(MoneyWatch) Aluminum giant Alcoa (AA) unofficially kicked off first-quarter earnings season with a surprise profit despite the effects of the European recession, slower growth in China, and a glut of metal on the global market. The news, coming from the first member of the Dow Jones Industrial Average to report this season, could be a balm for the stock market, which logged its Tuesday.
Alcoa posted a quarterly profit of $94 million, or 9 cents a share, down sharply from year-ago earnings of $308 million, or 27 cents. The decline was good news, however, as analysts expected Alcoa to record a net loss of 4 cents a share, according to a survey by Thomson Reuters.
Revenue also eclipsed Wall Street's forecast, rising slightly to $6 billion, from $5.96 billion in last year's first quarter. The surprise profit came partly thanks to improved productivity and more stable markets, said CEO Klaus Kleinfeld in a statement.

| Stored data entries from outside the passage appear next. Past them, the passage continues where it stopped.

(* Let $X$ be an uncountable set and let $\ell_\infty(X)$ be the space of all bounded functions $f:X\to\mathbb{R}$. Then there exists no reproducing kernel Hilbert space $H$ of functions on $X$ such that $\ell_\infty(X)\subset H$.
   Context: A reproducing kernel Hilbert space (RKHS) on a set $X$ is a Hilbert space $H$ consisting of real-valued functions $f:X\to\mathbb{R}$ (with the pointwise vector space operations) such that for every $x\in X$ the point evaluation $f\mapsto f(x)$ is a continuous linear functional on $H$; equivalently, $H$ has a reproducing kernel $k:X\times X\to\mathbb{R}$ with $k(\cdot,x)\in H$ and $f(x)=\langle f,k(\cdot,x)\rangle_H$ for all $f\in H$, $x\in X$. The inclusion $\ell_\infty(X)\subset H$ is meant as sets of functions on $X$. *)

From Stdlib Require Import Reals.
Open Scope R_scope.

Definition bounded_fun {X : Type} (f : X -> R) : Prop :=
  exists M : R, forall x, Rabs (f x) <= M.

Definition countable_type (X : Type) : Prop :=
  exists c : X -> nat, forall x y, c x = c y -> x = y.

Definition ip_norm {X : Type} (ip : (X -> R) -> (X -> R) -> R) (f : X -> R) : R :=
  sqrt (ip f f).

Definition fsub {X : Type} (f g : X -> R) : X -> R := fun x => f x - g x.

(* H (a set of functions X -> R, with pointwise vector operations) together
   with ip is a real Hilbert space whose point evaluations are continuous,
   i.e. a reproducing kernel Hilbert space on X. *)
Record is_RKHS (X : Type) (H : (X -> R) -> Prop)
    (ip : (X -> R) -> (X -> R) -> R) : Prop := {
  rkhs_zero : H (fun _ => 0);
  rkhs_add : forall f g, H f -> H g -> H (fun x => f x + g x);
  rkhs_scal : forall (a : R) f, H f -> H (fun x => a * f x);
  rkhs_ip_sym : forall f g, H f -> H g -> ip f g = ip g f;
  rkhs_ip_add : forall f g h, H f -> H g -> H h ->
      ip (fun x => f x + g x) h = ip f h + ip g h;
  rkhs_ip_scal : forall (a : R) f g, H f -> H g ->
      ip (fun x => a * f x) g = a * ip f g;
  rkhs_ip_pos : forall f, H f -> 0 <= ip f f;
  rkhs_ip_def : forall f, H f -> ip f f = 0 -> f = (fun _ => 0);
  rkhs_complete : forall u : nat -> X -> R, (forall n, H (u n)) ->
      (forall eps, 0 < eps -> exists N, forall n m, (N <= n)%nat -> (N <= m)%nat ->
          ip_norm ip (fsub (u n) (u m)) < eps) ->
      exists f, H f /\
        (forall eps, 0 < eps -> exists N, forall n, (N <= n)%nat ->
          ip_norm ip (fsub (u n) f) < eps);
  rkhs_eval_cont : forall x f, H f -> forall eps, 0 < eps ->
      exists delta, 0 < delta /\
        forall g, H g -> ip_norm ip (fsub g f) < delta -> Rabs (g x - f x) < eps
}.

(** Each evaluation functional is represented by a kernel function [k_x]: a rescaled
    minimal-norm element of the closed hyperplane [{g | g x = 1}].  If [X] is uncountable,
    the sets [{x | ||k_x||^2 <= m}] cannot all be finite, so infinitely many points
    [x_0, x_1, ...] satisfy [||k_(x_i)||^2 <= M] for one [M].  Choosing each sign [e_i] so that
    [e_i k_(x_i)] makes a non-acute angle with [S_i = sum_(j<i) e_j k_(x_j)] keeps
    [||S_n||^2 <= n M].  The bounded function equal to [e_i] at [x_i] and to [0] elsewhere has
    [<f, S_n> = n], and Cauchy-Schwarz gives [n^2 <= n M ||f||^2] for every [n]: absurd. *)

From Stdlib Require Import Reals Lra Lia List Classical ClassicalEpsilon
  FunctionalExtensionality Cantor.
Open Scope R_scope.

Lemma finite_or_injective_seq {X : Type} (A : X -> Prop) :
  (exists l : list X, forall x, A x -> In x l) \/
  (exists s : nat -> X, (forall i j, s i = s j -> i = j) /\ forall n, A (s n)).
Proof.
  destruct (classic (exists l : list X, forall x, A x -> In x l)) as [hfin | hinf];
    [left; exact hfin | right].
  assert (hnew : forall l : list X, exists x, A x /\ ~ In x l).
  { intro l. apply NNPP. intro hno. apply hinf. exists l. intros x hx.
    apply NNPP. intro hx'. apply hno. exists x. split; assumption. }
  destruct (choice _ hnew) as [next hnext].
  set (prefix := fix prefix (n : nat) : list X :=
         match n with O => nil | S n' => next (prefix n') :: prefix n' end).
  exists (fun n => next (prefix n)). split.
  - assert (hin : forall i j, (i < j)%nat -> In (next (prefix i)) (prefix j)).
    { intros i j. induction j as [|j IH]; intro hij; [lia|].
      simpl. destruct (Nat.eq_dec i j) as [-> | hne]; [left; reflexivity|].
      right. apply IH. lia. }
    intros i j e. destruct (Nat.lt_trichotomy i j) as [hlt | [heq | hgt]]; auto.
    + exfalso. apply (proj2 (hnext (prefix j))). rewrite <- e. apply hin; auto.
    + exfalso. apply (proj2 (hnext (prefix i))). rewrite e. apply hin; auto.
  - intro n. apply (proj1 (hnext (prefix n))).
Qed.
Definition in_net A Ab B Bb C Cb P Pb : Prop :=
  exists a b c : R, forall l, pair_form P Pb l =
    a * pair_form A Ab l + b * pair_form B Bb l + c * pair_form C Cb l.

Lemma in_net_sym A Ab B Bb C Cb P Pb :
  in_net A Ab B Bb C Cb P Pb -> in_net A Ab B Bb C Cb Pb P.
Proof. by case=> a [b [c net]]; exists a, b, c => l; rewrite -net /pair_form mulrC. Qed.

(* Hesse: if two pairs are conjugate with respect to a conic, so is the pair they produce. *)
Lemma pair_form_schroeter_step P Pb Q Qb l :
  pair_form (meet (join P Q) (join Pb Qb)) (meet (join P Qb) (join Pb Q)) l =
  - (det3 P Q Qb * det3 Pb Q Qb) * pair_form P Pb l
  + det3 Q P Pb * det3 Qb P Pb * pair_form Q Qb l.
Proof. rewrite /pair_form /meet /join /det3 /dot /cross /=; ring. Qed.

Lemma schroeter_pair_in_net A Ab B Bb C Cb P Pb :
  schroeter_pair A Ab B Bb C Cb P Pb -> in_net A Ab B Bb C Cb P Pb.
Proof.
elim=> {P Pb} [||| P Pb Q Qb _ [a1 [b1 [c1 netP]]] _ [a2 [b2 [c2 netQ]]] _ _].
- by exists 1, 0, 0 => l; ring.
- by exists 0, 1, 0 => l; ring.
- by exists 0, 0, 1 => l; ring.
pose m1 := - (det3 P Q Qb * det3 Pb Q Qb); pose m2 := det3 Q P Pb * det3 Qb P Pb.
exists (m1 * a1 + m2 * a2), (m1 * b1 + m2 * b2), (m1 * c1 + m2 * c2) => l.
by rewrite pair_form_schroeter_step -/m1 -/m2 netP netQ; ring.
Qed.

Lemma schroeter_pair_neq0 A Ab B Bb C Cb P Pb :
  (forall X, X \in [:: A; Ab; B; Bb; C; Cb] -> X <> v0) ->
  schroeter_pair A Ab B Bb C Cb P Pb -> P <> v0 /\ Pb <> v0.
Proof.
move=> nz; elim=> //; split; apply: nz; by rewrite !inE eqxx ?orbT.
Qed.

End Net.

Section Cubic.
Variable R : realType.
Implicit Types (A Ab B Bb C Cb P X Y U V : vec R).

Definition schroeter_cubic A Ab B Bb C Cb X : R :=
  - det3 A Ab X * det3 B Bb X * det3 C Cb X
  + det3 A Ab X * det3 B C X * det3 Bb Cb X
  + det3 A B X * det3 Ab Bb X * det3 C Cb X
  - det3 A B X * det3 Ab C X * det3 Bb Cb X
  - det3 A Bb X * det3 Ab C X * det3 B Cb X.

Definition pencil_row A Ab B Bb C Cb X U : vec R :=
  (pair_form A Ab (cross X U), pair_form B Bb (cross X U), pair_form C Cb (cross X U)).

(* Where the cubic comes from: it vanishes at X as soon as the three pair forms
   are linearly dependent on the pencil of lines through X. *)
Lemma det3_pencil_rows A Ab B Bb C Cb X U V :
  det3 (pencil_row A Ab B Bb C Cb X U) (pencil_row A Ab B Bb C Cb X V)
       (pencil_row A Ab B Bb C Cb X (vadd U V)) =
  det3 X U V ^+ 3 * schroeter_cubic A Ab B Bb C Cb X.
Proof. rewrite /pencil_row /pair_form /schroeter_cubic /vadd /det3 /dot /cross /=; ring. Qed.

Lemma pair_form_neq0 X Y : X <> v0 -> Y <> v0 -> exists l, pair_form X Y l != 0.
Proof.
move=> /eqP nX /eqP nY; rewrite -!dot_self_eq0 in nX nY.
have [XY0|nXY] := eqVneq (dot X Y) 0.
  exists (vadd X Y).
  have -> : pair_form X Y (vadd X Y) = (dot X X + dot X Y) * (dot X Y + dot Y Y).
    by rewrite /pair_form /vadd /dot /=; ring.
  by rewrite XY0 addr0 add0r mulf_neq0.
exists X; have -> : pair_form X Y X = dot X X * dot X Y.
  by rewrite /pair_form /dot /=; ring.
exact: mulf_neq0.
Qed.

Alcoa has been struggling in part because of a glut of aluminum on the global market. The economically sensitive metal -- used in everything from planes, trains, and automobiles to construction and consumer electronics -- has seen its price drop year-over-year on weaker demand from China and Europe.
At the same time, Chinese companies are still churning out large quantities of aluminum, further depressing prices. Additionally, higher costs for transportation and energy are squeezing Alcoa's bottom line. In January, the company said it would slash smelting capacity by 12 percent, idling plants to reduce costs and boost margins.

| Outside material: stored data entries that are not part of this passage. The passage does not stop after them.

Lemma greedyE w : greedy w <-> greedy_admissible greedy w.
Proof.
rewrite /greedy; case Ew: (size w) => [|k] /=.
  by move/eqP: Ew; rewrite size_eq0 => /eqP ->; split=> // -[/X_nil|[]].
have upto_k v : proper_prefix v w || proper_suffix v w -> greedy_upto k v <-> greedy v.
  move=> vw; have vk : size v <= k.
    by move: vw; rewrite -ltnS -Ew => /orP [/proper_prefix_size|/proper_suffix_size].
  by rewrite greedy_uptoP; split=> [[]|].
split=> [[/greedy_upto_size|[_ [Xw|[Fw wn Xok shortest]]]]|[Xw|[Fw wn Xok shortest]]].
- by rewrite Ew ltnn.
- by left.
- by right; split=> // v vw /(upto_k _ vw); exact: shortest vw.
- by right; split=> //; left.
- by right; split=> //; right; split=> // v vw /(upto_k _ vw); exact: shortest vw.
Qed.

Lemma sub_greedy : wsubset X greedy.
Proof. by move=> w Xw; apply/greedyE; left. Qed.

Lemma greedy_F : wsubset greedy F.
Proof. by move=> w /greedyE [/X_F|[]]. Qed.

Lemma greedy_neq_nil w : greedy w -> w <> [::].
Proof. by move/greedyE=> [Xw wn|[]] //; move: Xw; rewrite wn; exact: X_nil. Qed.

Lemma greedy_bifix : bifix_code greedy.
Proof.
split=> [|x y Gx Gy]; first exact: greedy_neq_nil.
suff no_proper : ~ (proper_prefix x y || proper_suffix x y).
  by split; apply/negP => xy; apply: no_proper; rewrite xy ?orbT.
move: Gy => /greedyE [Xy|[_ _ _ shortest]] xy; last exact: shortest xy Gx.
case/greedyE: Gx => [Xx|[_ _ Xok _]].
  by have [/negbTE pre /negbTE suf] := X_bifix.2 x y Xx Xy; rewrite pre suf in xy.
by have [/negbTE pre /negbTE suf] := Xok y Xy; rewrite pre suf in xy.
Qed.

Lemma greedy_maximal : F_maximal_bifix F greedy.
Proof.
split; [exact: greedy_bifix|exact: greedy_F|].
move=> Z Z_bifix ZF GZ z Zz; apply/greedyE; right; split.
- exact: ZF.
- exact: Z_bifix.1.
- by move=> x Xx; apply: Z_bifix.2 => //; apply/GZ/sub_greedy.
- move=> v vz /GZ Zv; have [pre suf] := Z_bifix.2 v z Zv Zz.
  by rewrite (negbTE pre) (negbTE suf) in vz.
Qed.
Lemma chi_le_exp2_chi_star n (H : rel 'I_n) :
  symmetric H -> irreflexive H -> chi H <= 2 ^ chi (star_adj H).
Proof.
move=> Hsym Hirr; set c := chi (star_adj H).
have /existsP [g /forallP proper_g] := chi_colorable (@star_adj_irr _ H).
pose colors_into x : {set 'I_c} :=
  [set g v | v in [pred v : star_vertex H | (sval v).2 == x]].
have colors_into_lt (x y : 'I_n) : x < y -> H x y -> colors_into x != colors_into y.
  move=> lt_xy Hxy; have xy_edge : (x < y) && H x y by rewrite lt_xy Hxy.
  pose xy : star_vertex H := exist _ (x, y) xy_edge.
  apply/negP => /eqP same_colors.
  have : g xy \in colors_into y by apply/imsetP; exists xy; rewrite ?inE.
  rewrite -same_colors => /imsetP [v /eqP into_x gxy].
  by have /forallP/(_ xy) := proper_g v; rewrite /star_adj into_x eqxx gxy eqxx.
have card_sets : #|{set 'I_c}| = 2 ^ c.
  by rewrite -cardsT -powersetT card_powerset cardsT card_ord.
rewrite -card_sets; apply: (chi_le_card (h := colors_into)) => x y Hxy.
case: (ltngtP x y) => [lt_xy | lt_yx | /val_inj eq_xy].
- exact: colors_into_lt.
- by rewrite eq_sym; apply: colors_into_lt; rewrite // Hsym.
- by rewrite eq_xy Hirr in Hxy.
Qed.

Section ShiftCycle.
Variables (n : nat) (H : rel 'I_n).
Hypotheses (Hsym : symmetric H) (Hirr : irreflexive H).
Variables (k : nat) (A B : nat -> 'I_n).
Hypotheses (ltAB : forall m, A m < B m) (H_AB : forall m, H (A m) (B m)).
Hypothesis shift_AB : forall m, (B m == A m.+1) || (B m.+1 == A m).
Hypotheses (A_periodic : forall m, A (m + k) = A m)
           (B_periodic : forall m, B (m + k) = B m).

Definition fwd m := B m == A m.+1.
Definition shift_walk m := if fwd m then B m else A m.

Although average aluminum prices are up approximately 5 percent in the first three months of 2012, they're still well below their highs of last year, said analysts at Trefis in a report to clients. An improving economic situation in the U.S. and a modest recovery from the European debt crisis helped prices bounce back from a 17-month low in December, Trefis notes, but then China cut its economic growth forecast, which capped the price gains.
Alcoa provided an upbeat start to what is expected to be the weakest corporate earnings season since the financial crisis of 2008. Analysts, on average, forecast companies in the S&P 500 to post year-over-year profit growth of just 3.2 percent. Excluding results from Apple (AAPL), the world's biggest publicly traded company, earnings are expected to increase a meager 1.8 percent.
Alcoa saw its shares spike more than 5 percent in after-hour trading. The stock finished the regular session off 2.9 percent, or 28 cents, at $9.32.